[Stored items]
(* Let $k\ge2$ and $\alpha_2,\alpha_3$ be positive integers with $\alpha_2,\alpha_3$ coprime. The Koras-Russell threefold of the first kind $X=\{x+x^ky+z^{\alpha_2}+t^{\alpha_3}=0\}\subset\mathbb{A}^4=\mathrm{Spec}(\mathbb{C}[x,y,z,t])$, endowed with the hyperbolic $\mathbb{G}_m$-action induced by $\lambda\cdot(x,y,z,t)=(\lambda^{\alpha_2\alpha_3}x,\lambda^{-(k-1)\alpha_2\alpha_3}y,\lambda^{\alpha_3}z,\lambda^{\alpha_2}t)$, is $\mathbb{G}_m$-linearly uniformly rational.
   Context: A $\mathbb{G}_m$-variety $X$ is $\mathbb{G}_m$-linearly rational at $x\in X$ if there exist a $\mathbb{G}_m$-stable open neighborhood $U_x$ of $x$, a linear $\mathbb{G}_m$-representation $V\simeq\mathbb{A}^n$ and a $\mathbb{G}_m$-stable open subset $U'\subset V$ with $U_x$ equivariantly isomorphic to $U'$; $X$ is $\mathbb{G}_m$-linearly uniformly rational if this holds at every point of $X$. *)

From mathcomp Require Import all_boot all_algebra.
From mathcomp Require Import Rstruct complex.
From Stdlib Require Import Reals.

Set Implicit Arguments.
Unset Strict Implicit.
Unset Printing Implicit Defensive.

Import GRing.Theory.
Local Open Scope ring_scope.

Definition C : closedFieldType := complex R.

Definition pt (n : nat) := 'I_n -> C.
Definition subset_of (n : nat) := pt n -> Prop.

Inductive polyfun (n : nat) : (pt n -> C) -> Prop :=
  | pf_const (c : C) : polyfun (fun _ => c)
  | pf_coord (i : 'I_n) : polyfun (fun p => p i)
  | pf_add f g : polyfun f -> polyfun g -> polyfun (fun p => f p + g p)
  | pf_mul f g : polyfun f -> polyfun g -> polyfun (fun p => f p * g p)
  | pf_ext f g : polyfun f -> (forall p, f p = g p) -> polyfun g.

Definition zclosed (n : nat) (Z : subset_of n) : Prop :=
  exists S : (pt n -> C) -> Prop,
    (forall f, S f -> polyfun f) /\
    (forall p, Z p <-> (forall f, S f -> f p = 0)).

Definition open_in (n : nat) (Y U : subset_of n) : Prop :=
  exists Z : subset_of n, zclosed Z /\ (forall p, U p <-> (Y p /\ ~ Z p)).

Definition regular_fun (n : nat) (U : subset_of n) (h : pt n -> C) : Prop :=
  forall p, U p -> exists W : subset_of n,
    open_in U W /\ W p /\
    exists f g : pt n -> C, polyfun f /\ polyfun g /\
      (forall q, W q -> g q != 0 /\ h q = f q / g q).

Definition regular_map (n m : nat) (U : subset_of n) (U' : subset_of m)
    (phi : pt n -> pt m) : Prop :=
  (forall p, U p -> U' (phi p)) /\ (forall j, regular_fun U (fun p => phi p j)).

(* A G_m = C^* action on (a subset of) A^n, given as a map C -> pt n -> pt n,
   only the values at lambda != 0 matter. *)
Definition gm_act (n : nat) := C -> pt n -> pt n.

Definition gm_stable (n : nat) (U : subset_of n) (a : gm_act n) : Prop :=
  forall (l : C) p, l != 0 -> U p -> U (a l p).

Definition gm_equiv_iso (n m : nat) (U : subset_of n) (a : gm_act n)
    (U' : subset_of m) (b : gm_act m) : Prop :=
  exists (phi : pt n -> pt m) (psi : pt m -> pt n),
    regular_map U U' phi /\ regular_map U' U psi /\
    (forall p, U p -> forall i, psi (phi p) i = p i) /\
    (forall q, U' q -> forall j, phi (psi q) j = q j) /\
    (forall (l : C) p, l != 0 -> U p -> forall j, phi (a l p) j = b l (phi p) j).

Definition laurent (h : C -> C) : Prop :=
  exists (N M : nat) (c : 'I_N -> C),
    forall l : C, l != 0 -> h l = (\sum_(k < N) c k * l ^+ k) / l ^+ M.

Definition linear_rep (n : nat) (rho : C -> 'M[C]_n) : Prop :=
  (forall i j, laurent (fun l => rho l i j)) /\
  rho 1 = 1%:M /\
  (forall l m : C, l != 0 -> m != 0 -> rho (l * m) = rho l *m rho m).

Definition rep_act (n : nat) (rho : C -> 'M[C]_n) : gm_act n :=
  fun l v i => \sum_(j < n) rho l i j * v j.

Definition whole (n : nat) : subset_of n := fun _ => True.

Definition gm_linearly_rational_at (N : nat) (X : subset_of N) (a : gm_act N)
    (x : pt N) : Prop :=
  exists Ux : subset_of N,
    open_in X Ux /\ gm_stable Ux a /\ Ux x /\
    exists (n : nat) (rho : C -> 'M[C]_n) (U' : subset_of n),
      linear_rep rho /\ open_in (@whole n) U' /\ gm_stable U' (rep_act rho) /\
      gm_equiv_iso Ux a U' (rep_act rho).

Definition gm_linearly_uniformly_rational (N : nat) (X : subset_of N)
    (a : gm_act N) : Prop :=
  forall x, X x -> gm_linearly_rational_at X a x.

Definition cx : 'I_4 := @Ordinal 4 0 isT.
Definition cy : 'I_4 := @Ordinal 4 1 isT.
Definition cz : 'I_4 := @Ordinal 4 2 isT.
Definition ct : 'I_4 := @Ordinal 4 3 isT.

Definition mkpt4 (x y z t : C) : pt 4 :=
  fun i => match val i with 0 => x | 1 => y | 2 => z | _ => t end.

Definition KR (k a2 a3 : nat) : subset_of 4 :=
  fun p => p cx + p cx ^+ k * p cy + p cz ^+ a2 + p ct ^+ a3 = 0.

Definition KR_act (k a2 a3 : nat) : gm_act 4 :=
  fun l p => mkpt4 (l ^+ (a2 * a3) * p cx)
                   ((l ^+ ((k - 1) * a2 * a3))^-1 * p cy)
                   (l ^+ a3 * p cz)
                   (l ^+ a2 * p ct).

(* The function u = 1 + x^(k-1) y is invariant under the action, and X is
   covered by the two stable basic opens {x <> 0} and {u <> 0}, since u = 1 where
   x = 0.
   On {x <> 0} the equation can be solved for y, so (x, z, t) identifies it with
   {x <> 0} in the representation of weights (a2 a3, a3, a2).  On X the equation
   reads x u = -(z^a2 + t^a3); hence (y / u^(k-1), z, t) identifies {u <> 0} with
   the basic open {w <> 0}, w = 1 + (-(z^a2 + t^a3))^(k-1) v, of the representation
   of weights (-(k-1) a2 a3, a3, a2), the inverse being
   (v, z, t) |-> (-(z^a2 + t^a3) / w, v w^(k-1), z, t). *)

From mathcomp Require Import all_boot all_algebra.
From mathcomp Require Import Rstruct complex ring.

**What to work on**
A word-for-word copy of all the entries above is required.

**Response to the task**
(* Let $k\ge2$ and $\alpha_2,\alpha_3$ be positive integers with $\alpha_2,\alpha_3$ coprime. The Koras-Russell threefold of the first kind $X=\{x+x^ky+z^{\alpha_2}+t^{\alpha_3}=0\}\subset\mathbb{A}^4=\mathrm{Spec}(\mathbb{C}[x,y,z,t])$, endowed with the hyperbolic $\mathbb{G}_m$-action induced by $\lambda\cdot(x,y,z,t)=(\lambda^{\alpha_2\alpha_3}x,\lambda^{-(k-1)\alpha_2\alpha_3}y,\lambda^{\alpha_3}z,\lambda^{\alpha_2}t)$, is $\mathbb{G}_m$-linearly uniformly rational.
   Context: A $\mathbb{G}_m$-variety $X$ is $\mathbb{G}_m$-linearly rational at $x\in X$ if there exist a $\mathbb{G}_m$-stable open neighborhood $U_x$ of $x$, a linear $\mathbb{G}_m$-representation $V\simeq\mathbb{A}^n$ and a $\mathbb{G}_m$-stable open subset $U'\subset V$ with $U_x$ equivariantly isomorphic to $U'$; $X$ is $\mathbb{G}_m$-linearly uniformly rational if this holds at every point of $X$. *)

From mathcomp Require Import all_boot all_algebra.
From mathcomp Require Import Rstruct complex.
From Stdlib Require Import Reals.

Set Implicit Arguments.
Unset Strict Implicit.
Unset Printing Implicit Defensive.

Import GRing.Theory.
Local Open Scope ring_scope.

Definition C : closedFieldType := complex R.

Definition pt (n : nat) := 'I_n -> C.
Definition subset_of (n : nat) := pt n -> Prop.

Inductive polyfun (n : nat) : (pt n -> C) -> Prop :=
  | pf_const (c : C) : polyfun (fun _ => c)
  | pf_coord (i : 'I_n) : polyfun (fun p => p i)
  | pf_add f g : polyfun f -> polyfun g -> polyfun (fun p => f p + g p)
  | pf_mul f g : polyfun f -> polyfun g -> polyfun (fun p => f p * g p)
  | pf_ext f g : polyfun f -> (forall p, f p = g p) -> polyfun g.

Definition zclosed (n : nat) (Z : subset_of n) : Prop :=
  exists S : (pt n -> C) -> Prop,
    (forall f, S f -> polyfun f) /\
    (forall p, Z p <-> (forall f, S f -> f p = 0)).

Definition open_in (n : nat) (Y U : subset_of n) : Prop :=
  exists Z : subset_of n, zclosed Z /\ (forall p, U p <-> (Y p /\ ~ Z p)).

Definition regular_fun (n : nat) (U : subset_of n) (h : pt n -> C) : Prop :=
  forall p, U p -> exists W : subset_of n,
    open_in U W /\ W p /\
    exists f g : pt n -> C, polyfun f /\ polyfun g /\
      (forall q, W q -> g q != 0 /\ h q = f q / g q).

Definition regular_map (n m : nat) (U : subset_of n) (U' : subset_of m)
    (phi : pt n -> pt m) : Prop :=
  (forall p, U p -> U' (phi p)) /\ (forall j, regular_fun U (fun p => phi p j)).

(* A G_m = C^* action on (a subset of) A^n, given as a map C -> pt n -> pt n,
   only the values at lambda != 0 matter. *)
Definition gm_act (n : nat) := C -> pt n -> pt n.

Definition gm_stable (n : nat) (U : subset_of n) (a : gm_act n) : Prop :=
  forall (l : C) p, l != 0 -> U p -> U (a l p).

Definition gm_equiv_iso (n m : nat) (U : subset_of n) (a : gm_act n)
    (U' : subset_of m) (b : gm_act m) : Prop :=
  exists (phi : pt n -> pt m) (psi : pt m -> pt n),
    regular_map U U' phi /\ regular_map U' U psi /\
    (forall p, U p -> forall i, psi (phi p) i = p i) /\
    (forall q, U' q -> forall j, phi (psi q) j = q j) /\
    (forall (l : C) p, l != 0 -> U p -> forall j, phi (a l p) j = b l (phi p) j).

Definition laurent (h : C -> C) : Prop :=
  exists (N M : nat) (c : 'I_N -> C),
    forall l : C, l != 0 -> h l = (\sum_(k < N) c k * l ^+ k) / l ^+ M.

Definition linear_rep (n : nat) (rho : C -> 'M[C]_n) : Prop :=
  (forall i j, laurent (fun l => rho l i j)) /\
  rho 1 = 1%:M /\
  (forall l m : C, l != 0 -> m != 0 -> rho (l * m) = rho l *m rho m).

Definition rep_act (n : nat) (rho : C -> 'M[C]_n) : gm_act n :=
  fun l v i => \sum_(j < n) rho l i j * v j.

Definition whole (n : nat) : subset_of n := fun _ => True.

Definition gm_linearly_rational_at (N : nat) (X : subset_of N) (a : gm_act N)
    (x : pt N) : Prop :=
  exists Ux : subset_of N,
    open_in X Ux /\ gm_stable Ux a /\ Ux x /\
    exists (n : nat) (rho : C -> 'M[C]_n) (U' : subset_of n),
      linear_rep rho /\ open_in (@whole n) U' /\ gm_stable U' (rep_act rho) /\
      gm_equiv_iso Ux a U' (rep_act rho).

Definition gm_linearly_uniformly_rational (N : nat) (X : subset_of N)
    (a : gm_act N) : Prop :=
  forall x, X x -> gm_linearly_rational_at X a x.

Definition cx : 'I_4 := @Ordinal 4 0 isT.
Definition cy : 'I_4 := @Ordinal 4 1 isT.
Definition cz : 'I_4 := @Ordinal 4 2 isT.
Definition ct : 'I_4 := @Ordinal 4 3 isT.

Definition mkpt4 (x y z t : C) : pt 4 :=
  fun i => match val i with 0 => x | 1 => y | 2 => z | _ => t end.

Definition KR (k a2 a3 : nat) : subset_of 4 :=
  fun p => p cx + p cx ^+ k * p cy + p cz ^+ a2 + p ct ^+ a3 = 0.

Definition KR_act (k a2 a3 : nat) : gm_act 4 :=
  fun l p => mkpt4 (l ^+ (a2 * a3) * p cx)
                   ((l ^+ ((k - 1) * a2 * a3))^-1 * p cy)
                   (l ^+ a3 * p cz)
                   (l ^+ a2 * p ct).

(* The function u = 1 + x^(k-1) y is invariant under the action, and X is
   covered by the two stable basic opens {x <> 0} and {u <> 0}, since u = 1 where
   x = 0.
   On {x <> 0} the equation can be solved for y, so (x, z, t) identifies it with
   {x <> 0} in the representation of weights (a2 a3, a3, a2).  On X the equation
   reads x u = -(z^a2 + t^a3); hence (y / u^(k-1), z, t) identifies {u <> 0} with
   the basic open {w <> 0}, w = 1 + (-(z^a2 + t^a3))^(k-1) v, of the representation
   of weights (-(k-1) a2 a3, a3, a2), the inverse being
   (v, z, t) |-> (-(z^a2 + t^a3) / w, v w^(k-1), z, t). *)

From mathcomp Require Import all_boot all_algebra.
From mathcomp Require Import Rstruct complex ring.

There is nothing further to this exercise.